WORK ITEM: Go through the data and copy each line where the word "toprow" shows up.

DATASET RECORDS:
Lemma mulmx2E m n (g : 'M[R]_(m, 2)) (h : 'M[R]_(2, n)) i j :
  (g *m h) i j = g i ord0 * h ord0 j + g i ord_max * h ord_max j.
Proof.
rewrite mxE !big_ord_recl big_ord0 addr0.
by rewrite (_ : lift ord0 ord0 = ord_max); last exact: val_inj.
Qed.

Lemma toprow_mul g h : toprow (g *m h) = vmul (toprow g) h.
Proof. by rewrite /toprow /vmul !mulmx2E. Qed.

Lemma vmulA u g h : vmul (vmul u g) h = vmul u (g *m h).
Proof.
rewrite /vmul /= !mulmx2E; congr (_, _);
by rewrite !mulrDl !mulrDr !mulrA -!addrA; congr (_ + _); rewrite addrCA.
Qed.

Lemma vmul1 u : vmul u 1%:M = u.
Proof. by case: u => a b; rewrite /vmul !mxE /= !mulr1 !mulr0 addr0 add0r. Qed.

Lemma vmul_scale r u g : vmul (r * u.1, r * u.2) g = (r * (vmul u g).1, r * (vmul u g).2).
Proof. by rewrite /vmul /= !mulrDr !mulrA. Qed.

Lemma act_pointE a b g : act_point a b g = cycv (vmul (a, b) g).
Proof. by rewrite /act_point /cycv /vmul /= !mulmx2E !mxE. Qed.

Lemma in_cycv u w : (w \in cycv u) = [exists x, w == (x * u.1, x * u.2)].
Proof.
by apply/imsetP/existsP => [[x _ ->]|[x /eqP ->]]; exists x.
Qed.

Lemma cycv_id u : u \in cycv u.
Proof. by rewrite in_cycv; apply/existsP; exists 1; rewrite !mul1r -surjective_pairing. Qed.

Lemma cycv_eq u v : cycv u = cycv v -> exists r, v = (r * u.1, r * u.2).
Proof. by move=> E; have := cycv_id v; rewrite -E in_cycv => /existsP[r /eqP ->]; exists r. Qed.

Lemma cycv_scale r s u : s * r = 1 -> cycv (r * u.1, r * u.2) = cycv u.
Proof.
move=> sr; apply/setP => w; rewrite !in_cycv /=.
apply/existsP/existsP => [[x /eqP ->]|[x /eqP ->]].
  by exists (x * r); rewrite !mulrA.
by exists (x * s); rewrite !mulrA -(mulrA x s r) sr mulr1.
Qed.

Lemma cycv_vmul u v M : cycv u = cycv v -> cycv (vmul u M) = cycv (vmul v M).
Proof.
wlog suff: u v / cycv u = cycv v -> cycv (vmul u M) \subset cycv (vmul v M).
  by move=> H E; apply/eqP; rewrite eqEsubset !H.
move=> E; apply/subsetP => w; rewrite !in_cycv => /existsP[x /eqP ->].
have : (x * u.1, x * u.2) \in cycv v by rewrite -E in_cycv; apply/existsP; exists x.
rewrite in_cycv => /existsP[y /eqP Exy].
by apply/existsP; exists y; rewrite -vmul_scale Exy vmul_scale.
Qed.

Definition GL2 : {set 'M[R]_2} :=
  [set M | [exists N, (M *m N == 1%:M) && (N *m M == 1%:M)]].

RESULT OF THE TASK:
Lemma toprow_mul g h : toprow (g *m h) = vmul (toprow g) h.
Proof. by rewrite /toprow /vmul !mulmx2E. Qed.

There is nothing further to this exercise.